На киностудию Михаил Николаевич Холмский приезжает в сопровождении Лены. Она знакомит его с режиссером, операторами, исполнителями главных ролей. Режиссер сразу же ведет его в съемочный павильон и показывает макеты электрофизической аппаратуры и ускорителя заряженных частиц, выполненные почти в натуральную величину.
— Кое-что мы снимаем в Дубне и даже в Серпухове, — объясняет он Холмскому, — но главным образом их внешний вид и те громадные сооружения, макеты которых просто не в состоянии сделать наш макетно-бутафорский цех. Однако снимать там игровые сцены, надолго включая для этого аппаратуру ускорителей, мы, конечно, не можем. К тому же нам не совсем удобно размещаться там со своей тоже довольно громоздкой техникой. Да и небезопасно, — добавляет он, улыбаясь. — Поэтому-то нашим художникам-декораторам и приходится кое-что сооружать тут у себя. Конечно, нас консультировали, но вы все-таки посмотрите — нет ли каких нелепостей?
— По-моему, вы вообще зря все это мастерите, — пожимает плечами профессор Холмский. — Во время работы ускорителей мы ведь наблюдаем за ними лишь через смотровые плексигласовые окна пультов управления. А возле его резонансных баков, вакуумных камер, мишеней, пробников и триммерных устройств бываем главным образом при разборке ускорителя и ремонте его. Я понимаю, вам нужен какой-то антураж современного научно-исследовательского центра…
— Вот именно! — перебивая Холмского, энергично кивает головой режиссер. — И если можно, то подскажите, какой же именно.
— Подскажу, — улыбается Холмский, очень довольный, что хоть кому-то понадобился, наконец, его совет. — Вы знаете, что такое жидководородная пузырьковая камера?
— Пузырьковая, пузырьковая… — морщит лоб режиссер. — А у нее есть что-нибудь общее с камерой Вильсона?
— Ее называют «антикамерой Вильсона», — усмехается Холмский. — Почему?
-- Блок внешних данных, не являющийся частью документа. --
(* Pushing [y] slightly away from [center T] leaves [B(T)], but would stay in
   [B(S)] if [y] were in the interior of [B(S)]. *)
Lemma contains_boundary S T y : 0 < radius T -> contains T S -> on_sphere T y ->
  radius S ^+ 2 <= sqdist y (center S).
Proof.
move=> T0 ST Ty; rewrite leNgt; apply/negP => yS.
set u := y - center S; set w := y - center T.
have yS' : sqdist y (center S) - radius S ^+ 2 < 0 by rewrite subr_lt0.
have [e e0 small] := exists_small_quadratic (2 * rdot u w) (rdot w w) yS'.
have /ST : in_ball S (y + e *: w).
  rewrite /in_ball sqdistE addrAC rdotDD -/u -sqdistE !(rdotZl, rdotZr); lra.
rewrite /in_ball sqdistE.
have -> : y + e *: w - center T = (1 + e) *: w by rewrite addrAC scalerDl scale1r.
rewrite !(rdotZl, rdotZr) -sqdistE Ty.
have := exprn_gt0 2 T0; nra.
Qed.

Lemma contains_radius_lt S T : (0 < d)%N -> 0 < radius S -> 0 < radius T ->
  S <> T -> contains T S -> radius S < radius T.
Proof.
move=> d0 S0 T0 neST /(contains_sqdist d0); rewrite sqdistE => h.
have hd := rdot_ge0 (center S - center T).
rewrite lt_def; apply/andP; split; last by nra.
apply/eqP => eST; apply: neST; rewrite eST in h.
have /rdot_eq0/eqP : rdot (center S - center T) (center S - center T) = 0.
  by apply/eqP; rewrite eq_le hd andbT; lra.
by rewrite subr_eq0; case: S T eST {S0 T0 h hd} => c r [c' r'] /= -> /eqP ->.
Qed.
Да потому, что является она как бы ее зеркальным отражением. След частиц в ней состоит не из капелек жидкости, парящих в газе, а из пузырьков газа, плавающих в жидкости. И хотя камера эта всего лишь прибор для исследования элементарных частиц, конструкция ее — пример той сложности, которая характерна для современных научно-исследовательских центров ядерной физики. Даже в восьмилитровой дубненской камере насчитывается шестьдесят один вентиль, около сорока манометров, десятки сложнейших клапанов, насосов, расходомеров, уровнемеров и километры разных труб. А у нас есть ведь лаборатории, в которых установлены пузырьковые камеры на сотни кубических литров жидкого водорода.
— И вы предлагаете соорудить все это у нас? — удивляется режиссер.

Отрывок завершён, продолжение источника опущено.